** Opening Data excerpts block **

Lemma far_from_othersP x (S : {fset X}) c :
  reflect {in S, forall y, y != x -> c <= d x y} (far_from_others d x S c).
Proof.
apply: (iffP allP) => far y yS; first by move: (far y yS) => /orP[->|].
by case: eqVneq => //= /far; apply.
Qed.

Hypothesis hd : is_metric d.

Lemma metric_ge0 x y : 0 <= d x y. Proof. by case: hd. Qed.
Lemma metricC x y : d x y = d y x. Proof. by case: hd. Qed.
Lemma metric_triangle x y z : d x z <= d x y + d y z. Proof. by case: hd. Qed.
Lemma metric_eq0 x y : d x y = 0 -> x = y. Proof. by case: hd => _ /(_ x y) []. Qed.
Lemma metric_xx x : d x x = 0. Proof. by case: hd => _ /(_ x x) [_ ->]. Qed.

Lemma metric_le0 x y : d x y <= 0 -> x = y.
Proof. by move=> le0; apply: metric_eq0; apply/le_anti; rewrite le0 metric_ge0. Qed.

Lemma dist_set_ge0 p (W : {fset X}) : 0 <= dist_set d p W.
Proof.
by have [->//|/(dist_set_attained p) [q _ ->]] := eqVneq W fset0; apply: metric_ge0.
Qed.

Lemma cost_ge0 (W P : {fset X}) : 0 <= cost d W P.
Proof. by apply: sumr_ge0 => p _; apply: dist_set_ge0. Qed.
(* Let $n\geq 3$. For all positive integers $i,j,r,s,t$, $$\frac{A_{i+j}}{A_s}\neq\frac{A_i}{A_t}+\frac{A_j}{A_r}.$$
   Context: The integers $A_i$ are defined by $A_0=0$, $A_1=1$, $A_{i+2}=nA_{i+1}-A_i$ for $i\geq0$. *)

From mathcomp Require Import all_boot all_order all_algebra.
Set Implicit Arguments. Unset Strict Implicit. Unset Printing Implicit Defensive.
Import Order.TTheory GRing.Theory Num.Theory.
Local Open Scope ring_scope.

Fixpoint A (n : int) (i : nat) : int :=
  match i with
  | 0%N => 0
  | 1%N => 1
  | (k.+1 as j).+1 => n * A n j - A n k
  end.

(* The sequence A_i (A_0 = 0, A_1 = 1, A_{i+2} = n A_{i+1} - A_i) is the Lucas
   sequence U(n, 1); we pair it with its companion V_k = 2 A_{k+1} - n A_k, so
   that V_0 = 2, V_1 = n and V_k = A_{k+1} - A_{k-1}.

   Every identity below is, in one of its indices, an
      equality between two solutions of the recurrence, hence follows from its
      two initial values (lemma lucas_eq); the quadratic initial values reduce
      to Cassini's identity.  We get 2 A_{a+b} = V_a A_b + V_b A_a, the
      "difference" version, and (n^2 - 4) A_p A_q = V_{p+q} - V_{p-q}.
   2. Growth (n >= 3).  A and V more than double at each step; hence V is
      injective and even V_a + V_b determines {a, b}.
   3. Estimates.  V_j A_t = A_{t+j} +- A_{|t-j|}, so the sign of the "excess"
      V_j A_t - 2 A_s is the sign of t + j - s, and A_{i+r+1} >= n A_i A_r.
   4. Clearing denominators and using 2 A_{i+j} = V_i A_j + V_j A_i, the
      equation becomes A_i A_r (V_j A_t - 2 A_s) + A_j A_t (V_i A_r - 2 A_s) = 0.
      Both excesses cannot have the same sign; in the mixed case either
      s = i + r, where the product formula turns the equation into
      V_{t+k} + V_i = V_{i+2r} + V_{t-k} (k = r - j), impossible by 2.; or
      i + r < s, where the growth estimates make the second term dominate. *)

From mathcomp Require Import all_boot all_order all_algebra zify ring.
Import Order.TTheory GRing.Theory Num.Theory.
Set Implicit Arguments. Unset Strict Implicit.
Local Open Scope ring_scope.

Section Identities.
Variable n : int.

Definition lucas (f : nat -> int) : Prop :=
  forall m, f m.+2 = n * f m.+1 - f m.

Lemma lucas_eq (f g : nat -> int) : lucas f -> lucas g ->
  f 0%N = g 0%N -> f 1%N = g 1%N -> forall m, f m = g m.
Proof.
move=> hf hg e0 e1 m; suff [] : f m = g m /\ f m.+1 = g m.+1 by [].
elim: m => [|m [IH1 IH2]]; first by [].
by split; last rewrite hf hg IH1 IH2.
Qed.

Lemma A_rec m : A n m.+2 = n * A n m.+1 - A n m. Proof. by []. Qed.

Lemma A_small : (A n 0 = 0) * (A n 1 = 1) * (A n 2 = n).
Proof. by rewrite /= mulr1 subr0. Qed.

Definition V (k : nat) : int := 2 * A n k.+1 - n * A n k.

Lemma V_rec m : V m.+2 = n * V m.+1 - V m.
Proof. by rewrite /V !A_rec; ring. Qed.

Lemma cassini m : A n m.+1 ^+ 2 - n * A n m.+1 * A n m + A n m ^+ 2 = 1.
Proof.
elim: m => [|m IH]; first by rewrite !A_small; ring.
by rewrite -[RHS]IH A_rec; ring.
Qed.

Lemma VA_sum a b : V a * A n b + V b * A n a = 2 * A n (a + b).
Proof.
move: a; apply: (lucas_eq (f := fun a => V a * A n b + V b * A n a)
                          (g := fun a => 2 * A n (a + b))).
- by move=> m; rewrite V_rec A_rec; ring.
- by move=> m; rewrite !addSn A_rec; ring.
- by rewrite /V !A_small; ring.
- by rewrite /V add1n !A_small; ring.
Qed.

Lemma VA_diff a c : V a * A n (a + c) - V (a + c) * A n a = 2 * A n c.
Proof.
move: c; apply: (lucas_eq (f := fun c => V a * A n (a + c) - V (a + c) * A n a)
                          (g := fun c => 2 * A n c)).
- by move=> m; rewrite !addnS V_rec A_rec; ring.
- by move=> m; rewrite A_rec; ring.
- by rewrite addn0 !A_small; ring.
- by have := cassini a; rewrite addn1 /V A_rec !A_small; lia.
Qed.

Lemma VV_sum x y : 2 * V (x + y) = V x * V y + (n ^+ 2 - 4) * A n x * A n y.
Proof.
move: x; apply: (lucas_eq (f := fun x => 2 * V (x + y))
                 (g := fun x => V x * V y + (n ^+ 2 - 4) * A n x * A n y)).
- by move=> m; rewrite !addSn V_rec; ring.
- by move=> m; rewrite V_rec A_rec; ring.
- by rewrite /V !A_small; ring.
- by rewrite add1n /V A_rec !A_small; ring.
Qed.

Lemma VV_diff y c : V (y + c) * V y - (n ^+ 2 - 4) * A n (y + c) * A n y = 2 * V c.
Proof.
move: c; apply: (lucas_eq
  (f := fun c => V (y + c) * V y - (n ^+ 2 - 4) * A n (y + c) * A n y)
  (g := fun c => 2 * V c)).
- by move=> m; rewrite !addnS V_rec A_rec; ring.
- by move=> m; rewrite V_rec; ring.
- by have := cassini y; rewrite addn0 /V !A_small; lia.
- rewrite addn1 /V A_rec !A_small.
  transitivity (2 * n * (A n y.+1 ^+ 2 - n * A n y.+1 * A n y + A n y ^+ 2)).
    by ring.
  by rewrite cassini; ring.
Qed.

Lemma prodA p q : (q <= p)%N -> (n ^+ 2 - 4) * A n p * A n q = V (p + q) - V (p - q).
Proof.
move=> hqp; have := VV_diff q (p - q); rewrite subnKC // => hdiff.
have := VV_sum p q; lia.
Qed.
End Identities.

Section Growth.
Variable n : int.
Hypothesis hn : 3 <= n.

Lemma lucas_grow (f : nat -> int) : lucas n f -> 0 <= f 0%N <= f 1%N ->
  forall m, f 0%N <= f m /\ 2 * f m <= f m.+1 + (2 * f 0%N - f 1%N).
Proof.
move=> hf /andP[f0_ge0 f01] m; elim: m => [|m [IH1 IH2]]; first lia.
have hm1 : f m <= f m.+1 by lia.
have : 0 <= (n - 3) * f m.+1 by apply: mulr_ge0; lia.
rewrite hf; lia.
Qed.

Lemma A_grow m : 0 <= A n m /\ 2 * A n m + 1 <= A n m.+1.
Proof.
have := @lucas_grow (A n) (A_rec n) isT m; rewrite !A_small; lia.
Qed.

Lemma V_small : (V n 0 = 2) * (V n 1 = n).
Proof. by rewrite /V !A_small; split; ring. Qed.

Lemma V_grow m : 2 <= V n m /\ 2 * V n m <= V n m.+1 + 1.
Proof.
have hV01 : 0 <= V n 0 <= V n 1 by rewrite !V_small; lia.
have := @lucas_grow (V n) (@V_rec n) hV01 m; rewrite !V_small; lia.
Qed.

Lemma A_ge0 m : 0 <= A n m. Proof. by case: (A_grow m). Qed.

Lemma A_le : {homo A n : m p / (m <= p)%N >-> m <= p}.
Proof.
apply: homo_leq => [x|y x z|m]; [exact: lexx | exact: le_trans |].
by have [] := A_grow m; lia.
Qed.

Lemma A_lt m p : (m < p)%N -> 2 * A n m + 1 <= A n p.
Proof. by move=> hmp; have [_ h] := A_grow m; have := A_le hmp; lia. Qed.

Lemma A_pos m : (0 < m)%N -> 0 < A n m.
Proof. by move=> /A_lt; rewrite A_small; lia. Qed.

Lemma V_lt : {homo V n : a b / (a < b)%N >-> a < b}.
Proof.
apply: homo_ltn => [y x z|m]; first exact: lt_trans.
by have [] := V_grow m; lia.
Qed.

Lemma V_le : {homo V n : a b / (a <= b)%N >-> a <= b}.
Proof.
apply: homo_leq => [x|y x z|m]; [exact: lexx | exact: le_trans |].
by have [] := V_grow m; lia.
Qed.

Lemma V_inj : injective (V n).
Proof. by move=> x y e; case: (ltngtP x y) => // /V_lt; rewrite e ltxx. Qed.

(* If c and d are below a, then V_c + V_d < V_a + V_b, since V_a is about
   twice V_{a-1}. *)
Lemma V_sum_lt a b c d : (c < a)%N -> (d < a)%N -> V n c + V n d < V n a + V n b.
Proof.
case: a => [//|a]; rewrite !ltnS => /V_le hc /V_le hd.
by have [hb _] := V_grow b; have [_ ha] := V_grow a; lia.
Qed.

Lemma V_uniq a b c d : V n a + V n b = V n c + V n d ->
  (a = c /\ b = d) \/ (a = d /\ b = c).
Proof.
move=> e; wlog hba : a b e / (b <= a)%N.
  move=> W; case: (leqP b a) => hab; first exact: W.
  by rewrite addrC in e; case: (W b a e (ltnW hab)) => -[-> ->]; [right | left].
wlog hdc : c d e / (d <= c)%N.
  move=> W; case: (leqP d c) => hcd; first exact: W.
  by rewrite [RHS]addrC in e; case: (W d c e (ltnW hcd)) => -[-> ->]; [right | left].
have ac : a = c.
  case: (ltngtP a c) => // hac.
    by have := V_sum_lt d hac (leq_ltn_trans hba hac); lia.
  by have := V_sum_lt b hac (leq_ltn_trans hdc hac); lia.
by left; split => //; apply: V_inj; rewrite ac in e; lia.
Qed.
End Growth.

Section Estimates.
Variable n : int.
Hypothesis hn : 3 <= n.

(* From V_k = n A_k - 2 A_{k-1} and 2 A_{k-1} < A_k. *)
Lemma V_bounds k : (0 < k)%N -> (n - 1) * A n k <= V n k /\ V n k <= n * A n k.
Proof. by case: k => [//|k] _; have [] := A_grow hn k; rewrite /V A_rec; lia. Qed.

(* Super-multiplicativity of A, from the addition formula for A_{(i+1)+r}. *)
Lemma prod_lower i r : (0 < r)%N -> n * A n i * A n r <= A n (i + r).+1.
Proof.
move=> hr; have sum := VA_sum n i.+1 r; rewrite addSn in sum.
have [Vi _] := V_bounds (ltn0Sn i); have [Vr _] := V_bounds hr.
have [Ai Ai1] := A_grow hn i; have Ar := A_ge0 hn r.
have h1 : (n - 1) * A n i.+1 * A n r <= V n i.+1 * A n r by apply: ler_wpM2r.
have h2 : (n - 1) * A n r * A n i.+1 <= V n r * A n i.+1 by apply: ler_wpM2r; lia.
have h3 : n * A n i <= (n - 1) * A n i.+1 by nia.
have h4 : n * A n i * A n r <= (n - 1) * A n i.+1 * A n r by apply: ler_wpM2r.
lia.
Qed.

(* |V_j A_t - V_t A_j| = 2 A_{|t-j|} <= 2 A_{t+j-2}. *)
Lemma cross_bound j t m : (0 < j)%N -> (0 < t)%N -> (t + j = m.+2)%N ->
  - (2 * A n m) <= V n j * A n t - V n t * A n j /\ V n j * A n t - V n t * A n j <= 2 * A n m.
Proof.
move=> hj ht e; wlog hjt : j t hj ht e / (j <= t)%N.
  move=> W; case: (leqP j t) => h; first exact: W.
  by rewrite addnC in e; have [] := W t j ht hj e (ltnW h); lia.
have := VA_diff n j (t - j); rewrite subnKC // => diff.
have : A n (t - j) <= A n m by apply: A_le; lia.
by have := A_ge0 hn (t - j); lia.
Qed.

Lemma VA_near j t m : (0 < j)%N -> (0 < t)%N -> (t + j = m.+2)%N ->
  A n m.+2 - A n m <= V n j * A n t /\ V n j * A n t <= A n m.+2 + A n m.
Proof.
move=> hj ht e; have [lo hi] := cross_bound hj ht e.
by have := VA_sum n j t; rewrite addnC e; lia.
Qed.

(* How much V_j A_t exceeds 2 A_s; after clearing denominators the equation of
   the theorem says that a positive combination of two excesses vanishes. *)
Definition excess (j t s : nat) : int := V n j * A n t - 2 * A n s.

Lemma excess_pos j t s : (0 < j)%N -> (0 < t)%N -> (s < t + j)%N -> 0 < excess j t s.
Proof.
move=> hj ht hs; have [m e] : exists m, (t + j = m.+2)%N by exists (t + j).-2; lia.
have [lo _] := VA_near hj ht e; rewrite A_rec in lo.
have : A n s <= A n m.+1 by apply: A_le; lia.
have [Am Am1] := A_grow hn m.
have : 0 <= (n - 3) * A n m.+1 by apply: mulr_ge0; lia.
by rewrite /excess; lia.
Qed.

Lemma excess_neg j t s : (0 < j)%N -> (0 < t)%N -> (t + j <= s)%N -> excess j t s < 0.
Proof.
move=> hj ht hs; have [m e] : exists m, (t + j = m.+2)%N by exists (t + j).-2; lia.
have [_ hi] := VA_near hj ht e.
have : A n m.+2 <= A n s by apply: A_le; lia.
have := A_lt hn (ltnSn m.+1); have := A_lt hn (ltnSn m).
by have := A_ge0 hn m; rewrite /excess; lia.
Qed.
End Estimates.

Section NoBalance.
Variable n : int.
Hypothesis hn : 3 <= n.

(* Mixed signs with s = i + r: dividing by A_i, the equation becomes
   A_t A_{r-j} = A_{i+r} A_r, which the product formula turns into a relation
   V_{t+k} + V_i = V_{i+2r} + V_{t-k} with 0 < k = r - j < r, impossible. *)
Lemma balance_exact i j r t : (0 < i)%N -> (0 < j)%N -> (0 < r)%N -> (i + r < t + j)%N ->
  A n i * A n r * excess n j t (i + r) + A n j * A n t * excess n i r (i + r) <> 0.
Proof.
move=> hi hj hr hlt E.
have Ai := A_pos hn hi; have Ar := A_pos hn hr; have Air := A_pos hn (ltn_addr r hi).
have sum := VA_sum n i r.
have cross_eq : A n t * (V n j * A n r - V n r * A n j) = 2 * A n r * A n (i + r).
  have : A n i * (A n t * (V n j * A n r - V n r * A n j)
                  - A n r * (V n i * A n r + V n r * A n i)) = 0.
    by rewrite -E /excess -sum; ring.
  by move=> /eqP; rewrite mulf_eq0 (gt_eqF Ai) /= subr_eq0 sum => /eqP ->; ring.
have Ar_Air : 0 < A n r * A n (i + r) by apply: mulr_gt0.
case: (ltnP r j) => hrj.
  have := VA_diff n r (j - r); rewrite subnKC ?(ltnW hrj) // => diff.
  have : 0 <= A n t * A n (j - r) by apply: mulr_ge0; apply: A_ge0.
  have neg : V n j * A n r - V n r * A n j = - (2 * A n (j - r)) by lia.
  by rewrite neg in cross_eq; lia.
have := VA_diff n j (r - j); rewrite subnKC // => diff; rewrite diff in cross_eq.
have hk : (0 < r - j)%N.
  rewrite subn_gt0 ltn_neqAle hrj andbT; apply/eqP => ejr.
  by move: cross_eq; rewrite ejr subnn A_small; lia.
have AA_eq : A n t * A n (r - j) = A n (i + r) * A n r by lia.
have eV : V n (t + (r - j)) + V n i = V n (i + r + r) + V n (t - (r - j)).
  have hkt : (r - j <= t)%N by lia.
  have p1 := prodA n hkt; have p2 := prodA n (leq_addl i r); rewrite addnK in p2.
  have : V n (t + (r - j)) - V n (t - (r - j)) = V n (i + r + r) - V n i.
    by rewrite -p1 -p2 -!mulrA AA_eq.
  lia.
by case: (V_uniq hn eV) => -[]; lia.
Qed.

(* Mixed signs with i + r < s < t + j: the positive term is less than
   n A_i A_r A_j A_t, while the negative one exceeds it in absolute value. *)
Lemma balance_gap i j r s t : (0 < i)%N -> (0 < j)%N -> (0 < r)%N -> (0 < t)%N ->
  (i + r < s)%N -> (s < t + j)%N ->
  A n i * A n r * excess n j t s + A n j * A n t * excess n i r s <> 0.
Proof.
move=> hi hj hr ht his hst E.
have X_gt0 : 0 < A n i * A n r by apply: mulr_gt0; apply: A_pos.
have Y_gt0 : 0 < A n j * A n t by apply: mulr_gt0; apply: A_pos.
have As := A_pos hn (leq_ltn_trans (leq0n _) his).
have VjAt : V n j * A n t <= n * (A n j * A n t).
  by rewrite mulrA; apply: ler_wpM2r; [apply: A_ge0 | case: (V_bounds hn hj)].
have ViAr : excess n i r (i + r) < 0 by apply: excess_neg; rewrite // addnC.
have Ais := A_lt hn his.
have XAs : n * (A n i * A n r) <= A n s.
  by rewrite mulrA; apply: le_trans (prod_lower hn i hr) (A_le hn his).
have lhs : A n i * A n r * excess n j t s < A n i * A n r * (n * (A n j * A n t)).
  by rewrite ltr_pM2l // /excess; lia.
have rhs : A n j * A n t * (n * (A n i * A n r)) <= A n j * A n t * - excess n i r s.
  by rewrite ler_pM2l // /excess; rewrite /excess in ViAr; lia.
lia.
Qed.

Lemma no_balance i j r s t : (0 < i)%N -> (0 < j)%N -> (0 < r)%N -> (0 < t)%N ->
  A n i * A n r * excess n j t s + A n j * A n t * excess n i r s <> 0.
Proof.
move=> hi hj hr ht.
have X_gt0 : 0 < A n i * A n r by apply: mulr_gt0; apply: A_pos.
have Y_gt0 : 0 < A n j * A n t by apply: mulr_gt0; apply: A_pos.
case: (ltnP s (t + j)) => hst; case: (ltnP s (r + i)) => hsi.
- have := excess_pos hn hj ht hst; have := excess_pos hn hi hr hsi; nia.
- move: hsi; rewrite addnC leq_eqVlt => /orP[/eqP esi|his].
    by subst s; apply: balance_exact.
  exact: balance_gap.
- move: hst; rewrite addnC leq_eqVlt => /orP[/eqP ejs|hjs]; rewrite addrC.
    by subst s; apply: balance_exact; rewrite // addnC.
  by apply: balance_gap; rewrite // addnC.
- have := excess_neg hn hj ht hst; have := excess_neg hn hi hr hsi; nia.
Qed.
End NoBalance.

Theorem lemma4p5 (n : int) (hn : 3 <= n) (i j r s t : nat)
  (hi : (0 < i)%N) (hj : (0 < j)%N) (hr : (0 < r)%N) (hs : (0 < s)%N) (ht : (0 < t)%N) :
  (A n (i + j))%:~R / (A n s)%:~R
    <> (A n i)%:~R / (A n t)%:~R + (A n j)%:~R / (A n r)%:~R :> rat.
Proof.
move=> E.
have nz m : (0 < m)%N -> (A n m)%:~R != 0 :> rat.
  by move=> /(A_pos hn); rewrite intr_eq0 => /gt_eqF ->.
have cleared : A n (i + j) * A n t * A n r = A n s * (A n i * A n r + A n j * A n t).
  apply: (@intr_inj rat); rewrite !rmorphM rmorphD !rmorphM /=.
  have -> : (A n (i + j))%:~R = (A n s)%:~R * ((A n i)%:~R / (A n t)%:~R
                                   + (A n j)%:~R / (A n r)%:~R) :> rat.
    by rewrite -E mulrC divfK ?nz.
  by field; rewrite !nz.
apply: (no_balance hn hi hj hr ht (s := s)).
transitivity (A n t * A n r * (V n i * A n j + V n j * A n i)
              - 2 * (A n s * (A n i * A n r + A n j * A n t))).
  by rewrite /excess; ring.
by rewrite VA_sum -cleared; ring.
Qed.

** Closing Data excerpts block **

Your assignment
Taking the entries above, write out exactly the lines starting with the line containing "Lemma prodA p" and going on through the line containing "have : 0 <= (n - 3) * f", both included, and nothing else.

Reply to the task
Lemma prodA p q : (q <= p)%N -> (n ^+ 2 - 4) * A n p * A n q = V (p + q) - V (p - q).
Proof.
move=> hqp; have := VV_diff q (p - q); rewrite subnKC // => hdiff.
have := VV_sum p q; lia.
Qed.
End Identities.

Section Growth.
Variable n : int.
Hypothesis hn : 3 <= n.

Lemma lucas_grow (f : nat -> int) : lucas n f -> 0 <= f 0%N <= f 1%N ->
  forall m, f 0%N <= f m /\ 2 * f m <= f m.+1 + (2 * f 0%N - f 1%N).
Proof.
move=> hf /andP[f0_ge0 f01] m; elim: m => [|m [IH1 IH2]]; first lia.
have hm1 : f m <= f m.+1 by lia.
have : 0 <= (n - 3) * f m.+1 by apply: mulr_ge0; lia.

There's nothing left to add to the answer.